Sie musste nachweisen, dass sie nicht tot war
Diese wurde ihr zwischenzeitlich nicht ausgezahlt, denn sie hatte eine sogenannte Lebensbescheinigung nicht eingereicht. Sie musste also nachweisen, dass sie nicht tot war. Dieser Nachweis wird oft von ausländischen Rentnern verlangt. Bis März 2020 bezog sie die Rente, und erst im April 2021 bekam sie dann eine Nachzahlung.
Sozialamt verweist auf das Jobcenter
Die Frau war akut hilfebedürftig, denn sie bezog in der Zeit, als die Rente ausblieb, überhaupt keine Mittel, um sich das Existenzminimum zu sichern. Deshalb stellte sie beim Sozialamt einen Antrag auf Sozialhilfe.
Damit begann das bürokratische Hickhack darum, welche Behörde für diesen Fall zuständig war. Das Sozialamt schob den Anspruch der Betroffenen zum Jobcenter.
Die Begründung dafür lautete: Sie beziehe keine laufende Rente und habe auch die Regelaltersgrenze nicht erreicht.

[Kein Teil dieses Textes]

(* Gram matrix V_t = lambda I + sum_{s=1}^t sum_{i<k} x_s(i) x_s(i)^T,
   rounds are indexed 1..T (so V_0 = lambda I). *)
Definition gramV (R : realType) (d k : nat) (lam : R)
  (x : nat -> 'I_k -> 'cV[R]_d) (t : nat) : 'M[R]_d :=
  lam%:M + \sum_(1 <= s < t.+1) \sum_(i < k) (x s i *m (x s i)^T).

Definition mnorm (R : realType) (d : nat) (A : 'M[R]_d) (v : 'cV[R]_d) : R :=
  Num.sqrt (((v^T *m A *m v) : 'M[R]_1) ord0 ord0).

Definition norm2 (R : realType) (d : nat) (v : 'cV[R]_d) : R :=
  Num.sqrt (\sum_(j < d) v j ord0 ^+ 2).

(* Let q_t = sum_i ||x_t(i)||^2_{V_{t-1}^-1}.  Every vector counted in round t has
   ||x_t(i)||^2_{V_{t-1}^-1} > 1/k, so the number m_t of counted vectors satisfies
   m_t / k <= min(1, q_t) <= 2 ln(1 + q_t).  Adding the k rank-one terms of round t
   multiplies the determinant by at least 1 + q_t: by the matrix determinant lemma
   det(V + u u^T) = det V (1 + ||u||^2_{V^-1}), and ||w||^2_{V^-1} <= (1 + ||u||^2_{V^-1})
   ||w||^2_{(V + u u^T)^-1}, which follows from ||w||^2_{A^-1} = max_y (2 y^T w - ||y||^2_A)
   and Cauchy-Schwarz.  Telescoping gives sum_t m_t <= 2k ln(det V_T / det V_0), and
   Hadamard's inequality with AM-GM gives det V_T <= (tr V_T / d)^d <= (lam + L^2 k T / d)^d. *)

From HB Require Import structures.
From mathcomp Require Import all_boot all_order all_algebra.
From mathcomp Require Import all_classical all_reals all_analysis.
From mathcomp Require Import ring lra.
Set Implicit Arguments. Unset Strict Implicit. Unset Printing Implicit Defensive.
Import Order.TTheory GRing.Theory Num.Theory.
Local Open Scope ring_scope.

Section QuadraticForms.
Variable R : realFieldType.

Definition bform n (A : 'M[R]_n) (u v : 'cV[R]_n) : R := (u^T *m A *m v) 0 0.
Definition qform n (A : 'M[R]_n) (v : 'cV[R]_n) : R := bform A v v.
Definition posdef n (A : 'M[R]_n) := forall v, v != 0 -> 0 < qform A v.
Definition posemidef n (A : 'M[R]_n) := forall v, 0 <= qform A v.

Sie sei grundsätzlich erwerbsfähig, und darum gelte für sie Grundsicherung nach dem Sozialgesetzbuch II. Es bestehe kein Anspruch auf Sozialhilfe.
War das Sozialamt für die Rentnerin zuständig?
Die Betroffene legte Widerspruch gegen die Ablehnung ihres Antrags ein. Sie argumentierte, sie sei Rentnerin, und die Rentenzahlung sei nur vorübergehend gestoppt. Deshalb sei für sie das Sozialamt zuständig. Das Sozialamt wies den Widerspruch zurück, und deshalb klagte die Betroffene vor dem Sozialgericht, und in der Berufung ging die Angelegenheit vor das Landessozialgericht Hessen.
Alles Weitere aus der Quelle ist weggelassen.